ACTIVITY >> Provide the count of lines below that include the word "delta", without any accompanying remarks.

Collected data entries
(* For every $p\in(0,1)$ and $q\in[p,1]$, \[\mathrm{aa}_p^q(2)\ge\Big(\frac{2\cdot2^{p/q}}{2^p\big(2-(2-2^p)^{q/p}\big)^{p/q}+2(2-2^p)}\Big)^{1/p}.\] In particular, $\mathrm{aa}_p(2)\ge\frac{4}{4+2^p(2^p-2)}$, and if $p\in(0,1)$ satisfies \[\frac{2^{p+1}}{4+2^p\big((2-(2-2^p)^{1/p})^p-2\big)}>1,\] then $\mathrm{aa}_p^1(2)>1$ (which is the case, e.g., for $p=2/3$).
   Context: For $r\in(0,1]$, an $r$-metric space is a set with $d$ such that $d^r$ is a metric; pointed means a distinguished point $0$. A $p$-Banach space is a complete vector space with a $p$-norm. For a pointed $p$-metric space $\mathcal M$, $\delta(x)$ is evaluation at $x$ on real functions vanishing at $0$, and $\mathcal F_p(\mathcal M)$ is the completion of $\mathrm{span}\{\delta(x)\}$ under $\|\sum a_i\delta(x_i)\|=\sup\|\sum a_if(x_i)\|_Y$ over $p$-Banach $Y$ and $1$-Lipschitz $f:\mathcal M\to Y$ with $f(0)=0$. For $0\in\mathcal N\subset\mathcal M$, $L_j$ is the linear map $\delta_{\mathcal N}(x)\mapsto\delta_{\mathcal M}(x)$ and $\mathrm{amen}_p(\mathcal N,\mathcal M)=\|L_j^{-1}\|$ if $L_j$ is an isomorphism onto its range ($+\infty$ otherwise). $\mathrm{aa}_p^q(n)=\sup\{\mathrm{amen}_p(\mathcal N,\mathcal M'):\mathcal N$ a pointed $q$-metric space with $|\mathcal N\setminus\{0\}|\le n$, $\mathcal M'\supset\mathcal N$ any $q$-metric space$\}$, and $\mathrm{aa}_p(n)=\mathrm{aa}_p^p(n)$. *)

From HB Require Import structures.
From mathcomp Require Import all_boot all_order all_algebra.
From mathcomp Require Import all_classical all_reals all_analysis.
From Stdlib Require List.
Set Implicit Arguments. Unset Strict Implicit. Unset Printing Implicit Defensive.
Import Order.TTheory GRing.Theory Num.Theory.
Local Open Scope classical_set_scope.
Local Open Scope ring_scope.

Definition rmetric (R : realType) (r : R) (T : Type) (d : T -> T -> R) : Prop :=
  [/\ forall x y, 0 <= d x y,
      forall x y, d x y = 0 <-> x = y,
      forall x y, d x y = d y x &
      forall x y z, d x z `^ r <= d x y `^ r + d y z `^ r].

Record pBanach (R : realType) (p : R) := PBanach {
  pb_car :> lmodType R;
  pb_norm : pb_car -> R;
  pb_ge0 : forall x, 0 <= pb_norm x;
  pb_eq0 : forall x, pb_norm x = 0 -> x = 0;
  pb_hom : forall (a : R) x, pb_norm (a *: x) = `|a| * pb_norm x;
  pb_tri : forall x y, pb_norm (x + y) `^ p <= pb_norm x `^ p + pb_norm y `^ p;
  pb_complete : forall u : nat -> pb_car,
    (forall e, 0 < e -> exists N, forall m n, (N <= m)%N -> (N <= n)%N ->
        pb_norm (u m - u n) < e) ->
    exists y, forall e, 0 < e -> exists N, forall n, (N <= n)%N ->
        pb_norm (u n - y) < e
}.

(* Norm in F_p(S) (S a subset of T containing the base point x0, with the
   restricted metric d) of the finitely supported molecule
   mu = sum_i a_i delta(x_i), encoded as the list of pairs (a_i, x_i):
   sup over p-Banach Y and 1-Lipschitz f : S -> Y with f x0 = 0 of
   || sum_i a_i f(x_i) ||_Y.  (f is given as a function on T; only its
   values on S matter.) *)
Definition freenorm (R : realType) (p : R) (T : Type) (d : T -> T -> R)
    (x0 : T) (S : set T) (mu : seq (R * T)) : R :=
  sup [set r | exists (Y : @pBanach R p) (f : T -> Y),
        [/\ f x0 = 0,
            forall x y, S x -> S y -> pb_norm (f x - f y) <= d x y &
            r = pb_norm (\sum_(z <- mu) z.1 *: f z.2)]].
(* Let $B$ be a skew-symmetrizable matrix and let $A$ and $A'$ be two admissible quasi-Cartan companions of $B$. Then $A'$ can be obtained from $A$ by a sequence of sign changes at vertices (i.e. simultaneous multiplication of the $k$-th row and $k$-th column by $-1$). In particular, $A$ and $A'$ are equivalent.
   Context: An $n\times n$ integer matrix $B$ is skew-symmetrizable if $DB$ is skew-symmetric for some diagonal matrix $D$ with positive diagonal entries. Its diagram $\Gamma(B)$ is the directed graph on vertices $1,\dots,n$ with an edge $i\to j$ iff $B_{ij}>0$, this edge carrying weight $|B_{ij}B_{ji}|$. A cycle in a diagram is an induced subgraph on $r\ge 3$ vertices whose vertices can be labeled $1,\dots,r$ so that $i,j$ are adjacent iff $|i-j|=1$ or $\{i,j\}=\{1,r\}$; it is oriented if its edges form a directed cycle, non-oriented otherwise. A quasi-Cartan matrix is an integer matrix $A$ with all diagonal entries $2$ such that $DA$ is symmetric for some diagonal $D$ with positive diagonal entries (a symmetrizer). A quasi-Cartan companion of $B$ is a quasi-Cartan matrix $A$ with $|A_{ij}|=|B_{ij}|$ for all $i\ne j$. It is admissible if for every cycle $Z$ in $\Gamma(B)$ the product $\prod_{\{i,j\}\in Z}(-A_{ij})$ over the edges of $Z$ is negative when $Z$ is oriented and positive when $Z$ is non-oriented. The sign change at $k$ replaces $A$ by the matrix obtained by multiplying its $k$-th row and $k$-th column by $-1$. Two quasi-Cartan matrices $A,A'$ are equivalent if they have a common symmetrizer $D$ and $DA'=E^T(DA)E$ for some integer matrix $E$ with $\det E=\pm1$. *)

From HB Require Import structures.
From mathcomp Require Import all_boot all_order all_algebra.
Set Implicit Arguments. Unset Strict Implicit. Unset Printing Implicit Defensive.
Import Order.TTheory GRing.Theory Num.Theory.
Local Open Scope ring_scope.

(* Diagonal matrices with positive diagonal entries are given by their
   diagonal d : 'I_n -> rat. *)

Definition skew_symmetrizable n (B : 'M[int]_n) : Prop :=
  exists d : 'I_n -> rat, (forall i, 0 < d i) /\
    forall i j, d i * (B i j)%:~R = - (d j * (B j i)%:~R).

Definition is_symmetrizer n (A : 'M[int]_n) (d : 'I_n -> rat) : Prop :=
  (forall i, 0 < d i) /\ forall i j, d i * (A i j)%:~R = d j * (A j i)%:~R.

Definition quasi_Cartan n (A : 'M[int]_n) : Prop :=
  (forall i, A i i = 2) /\ exists d, is_symmetrizer A d.

Definition quasi_Cartan_companion n (B A : 'M[int]_n) : Prop :=
  quasi_Cartan A /\ forall i j, i != j -> `|A i j| = `|B i j|.

Definition diag_edge n (B : 'M[int]_n) (i j : 'I_n) : bool := 0 < B i j.
Definition diag_adj n (B : 'M[int]_n) (i j : 'I_n) : bool :=
  diag_edge B i j || diag_edge B j i.

(* Labels 0..r-1 (the paper's 1..r shifted); a, b adjacent in the cycle
   iff |a - b| = 1 or {a, b} = {0, r-1}. *)
Definition cyc_adj (r a b : nat) : bool :=
  [|| (a.+1 == b)%N, (b.+1 == a)%N,
      ((a == 0)%N && (b == r.-1)%N) | ((b == 0)%N && (a == r.-1)%N)].

Definition is_cycle n (B : 'M[int]_n) (r : nat) (f : nat -> 'I_n) : Prop :=
  (3 <= r)%N /\
  (forall a b, (a < r)%N -> (b < r)%N -> f a = f b -> a = b) /\
  (forall a b, (a < r)%N -> (b < r)%N ->
     diag_adj B (f a) (f b) = cyc_adj r a b).
(* Let $n\ge1$, $K=U(n)$ acting on $\mathcal{O}_\Lambda$ via $k\mapsto\mathrm{diag}(1,k)$, let $\mathrm{M}=\mathrm{diag}(\mu_1,\dots,\mu_n)$ with $\mu_1\ge\dots\ge\mu_n$, and let $p\in\mathcal{O}_\Lambda$ with $\Phi(p)=\mathrm{M}$, so that $p=\begin{pmatrix}c&\mathbf{z}^\dagger\\ \mathbf{z}&\mathrm{M}\end{pmatrix}$ with $\mathbf{z}\in\mathbb{C}^n$ (a column vector) and $c=\sum_{i=1}^{n+1}\lambda_i-\sum_{i=1}^n\mu_i$. Then $T_p(K\cdot p)^\omega$ (the $\omega_\Lambda$-orthogonal complement of the tangent space to the $K$-orbit in $T_p\mathcal{O}_\Lambda$) consists of exactly the matrices $$\begin{pmatrix}0&\mathbf{v}^\dagger\\ \mathbf{v}&0\end{pmatrix},\qquad \mathbf{v}=(c-\mathrm{M})\mathbf{x}+X\mathbf{z},$$ where $X\in\mathfrak{u}(n)$ and $\mathbf{x}\in\mathbb{C}^n$ range over those pairs satisfying $$0=\mathbf{x}^\dagger\mathbf{z}+\mathbf{z}^\dagger\mathbf{x},\qquad 0=\mathbf{x}\mathbf{z}^\dagger+\mathbf{z}\mathbf{x}^\dagger+[X,\mathrm{M}].$$ Moreover, $T_p(K\cdot p)\cap T_p(K\cdot p)^\omega$ consists of exactly the matrices $\begin{pmatrix}0&(Y\mathbf{z})^\dagger\\ Y\mathbf{z}&0\end{pmatrix}$ with $Y\in\mathfrak{k}_{\mathrm{M}}$.
   Context: $\mathcal{H}_m$ denotes $m\times m$ Hermitian matrices, $\mathfrak{u}(n)$ skew-Hermitian matrices, $\dagger$ conjugate transpose. For a non-increasing real sequence $\lambda_1\ge\dots\ge\lambda_{n+1}$, $\mathcal{O}_\Lambda\subset\mathcal{H}_{n+1}$ is the set of Hermitian matrices with eigenvalues $\lambda_1,\dots,\lambda_{n+1}$, with symplectic form $(\omega_\Lambda)_p([X,p],[Y,p])=\frac{1}{\sqrt{-1}}\mathrm{Tr}(p[X,Y])$ for $X,Y\in\mathfrak{u}(n+1)$. $K=U(n)$ acts by $k\cdot p=\mathrm{diag}(1,k)\,p\,\mathrm{diag}(1,k)^\dagger$ with moment map $\Phi(p)=$ the bottom-right $n\times n$ principal submatrix of $p$ (using $\mathcal{H}_n\cong\mathfrak{u}(n)^*$, $X\mapsto(A\mapsto\frac{1}{\sqrt{-1}}\mathrm{Tr}(XA))$). $\mathfrak{k}=\mathfrak{u}(n)$ and $\mathfrak{k}_{\mathrm{M}}=\{Y\in\mathfrak{u}(n):[Y,\mathrm{M}]=0\}$. *)

From HB Require Import structures.
From mathcomp Require Import all_boot all_order all_algebra.
Set Implicit Arguments. Unset Strict Implicit. Unset Printing Implicit Defensive.
Import Order.TTheory GRing.Theory Num.Theory.
Local Open Scope ring_scope.

(* Complex numbers: an arbitrary numClosedFieldType C (e.g. complex R for R a
   realType); conjugation is the library's z^*. *)

Definition dag (C : numClosedFieldType) m n (A : 'M[C]_(m, n)) : 'M[C]_(n, m) :=
  (map_mx (fun z => z^*) A)^T.

Definition comm (C : numClosedFieldType) n (A B : 'M[C]_n) : 'M[C]_n :=
  A *m B - B *m A.

Definition hermitian (C : numClosedFieldType) n (A : 'M[C]_n) : Prop :=
  dag A = A.

Definition skew_hermitian (C : numClosedFieldType) n (A : 'M[C]_n) : Prop :=
  dag A = - A.

(* O_Lambda: Hermitian matrices whose eigenvalues (with multiplicity) are the
   lambda_i, i.e. whose characteristic polynomial is prod (X - lambda_i). *)
Definition coadj_orbit (C : numClosedFieldType) N (lam : 'I_N -> C)
  (p : 'M[C]_N) : Prop :=
  hermitian p /\ char_poly p = \prod_(i < N) ('X - (lam i)%:P).

(* KKS form: omega_p([X,p],[Y,p]) = (1/sqrt(-1)) Tr(p [X,Y]) *)
Definition omega (C : numClosedFieldType) N (p X Y : 'M[C]_N) : C :=
  \tr (p *m comm X Y) / 'i.

(* embedding of u(n) into u(1+n): Y |-> diag(0, Y), the infinitesimal
   generator of k |-> diag(1,k) *)
Definition embK (C : numClosedFieldType) n (Y : 'M[C]_n) : 'M[C]_(1 + n) :=
  block_mx 0 0 0 Y.

Definition tangent_Korbit (C : numClosedFieldType) n (p : 'M[C]_(1 + n))
  (xi : 'M[C]_(1 + n)) : Prop :=
  exists Y : 'M[C]_n, skew_hermitian Y /\ xi = comm (embK Y) p.

(* T_p(K.p)^omega inside T_p O_Lambda = { [X,p] : X in u(1+n) } *)
Definition tangent_Korbit_omega (C : numClosedFieldType) n
  (p : 'M[C]_(1 + n)) (xi : 'M[C]_(1 + n)) : Prop :=
  exists X : 'M[C]_(1 + n), skew_hermitian X /\ xi = comm X p /\
    forall Y : 'M[C]_n, skew_hermitian Y -> omega p X (embK Y) = 0.

From Pilot Require Import Defs.
From HB Require Import structures.
From mathcomp Require Import all_boot all_order all_algebra.
Import Order.TTheory GRing.Theory Num.Theory.
Set Implicit Arguments.
Unset Strict Implicit.
Unset Printing Implicit Defensive.

Local Open Scope ring_scope.

(* Since omega_p([X,p], [diag(0,Y),p]) = -Tr([X,p]_22 Y)/i and [X,p]_22 is
   Hermitian, testing against Y = i [X,p]_22 shows that [X,p] is
   omega-orthogonal to the K-orbit iff its lower-right block vanishes; as
   [X,p] is traceless, its upper-left entry then vanishes too, so [X,p] is
   off-diagonal.  With p = [[c, z^*], [z, M]] (c = Tr p - Tr M) and
   X = [[a, -w^*], [w, X']], the blocks of [X,p] are explicit: the vanishing
   upper-left and lower-right ones are the two equations (with x = w and
   X' - a in place of X), the lower-left one is v.  For X = diag(0,Y) they
   reduce to [Y,M] and Y z. *)

Section ConjugateTranspose.

Variable C : numClosedFieldType.

Lemma dagM m n k (A : 'M[C]_(m, n)) (B : 'M[C]_(n, k)) :
  dag (A *m B) = dag B *m dag A.
Proof. by rewrite /dag map_mxM trmx_mul. Qed.

Lemma dagD m n (A B : 'M[C]_(m, n)) : dag (A + B) = dag A + dag B.
Proof. by rewrite /dag map_mxD linearD. Qed.

Lemma dagN m n (A : 'M[C]_(m, n)) : dag (- A) = - dag A.
Proof. by rewrite /dag map_mxN linearN. Qed.

Lemma dagB m n (A B : 'M[C]_(m, n)) : dag (A - B) = dag A - dag B.
Proof. by rewrite dagD dagN. Qed.

Lemma dagK m n (A : 'M[C]_(m, n)) : dag (dag A) = A.
Proof. by apply/matrixP=> i j; rewrite !mxE conjCK. Qed.

Lemma dag0 m n : dag (0 : 'M[C]_(m, n)) = 0.
Proof. by apply/matrixP=> i j; rewrite !mxE conjC0. Qed.

Lemma dagZ m n (a : C) (A : 'M[C]_(m, n)) : dag (a *: A) = a^* *: dag A.
Proof. by apply/matrixP=> i j; rewrite !mxE rmorphM. Qed.

Lemma dag_scalar_mx n (a : C) : dag (a%:M : 'M_n) = a^*%:M.
Proof.
by apply/matrixP=> i j; rewrite !mxE eq_sym; case: eqP; rewrite ?conjC0.
Qed.

Lemma dag_block_mx m1 m2 n1 n2 (Aul : 'M[C]_(m1, n1)) (Aur : 'M_(m1, n2))
    (Adl : 'M_(m2, n1)) (Adr : 'M_(m2, n2)) :
  dag (block_mx Aul Aur Adl Adr) = block_mx (dag Aul) (dag Adl) (dag Aur) (dag Adr).
Proof. by rewrite /dag map_block_mx tr_block_mx. Qed.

REPLY TO THE TASK >> 2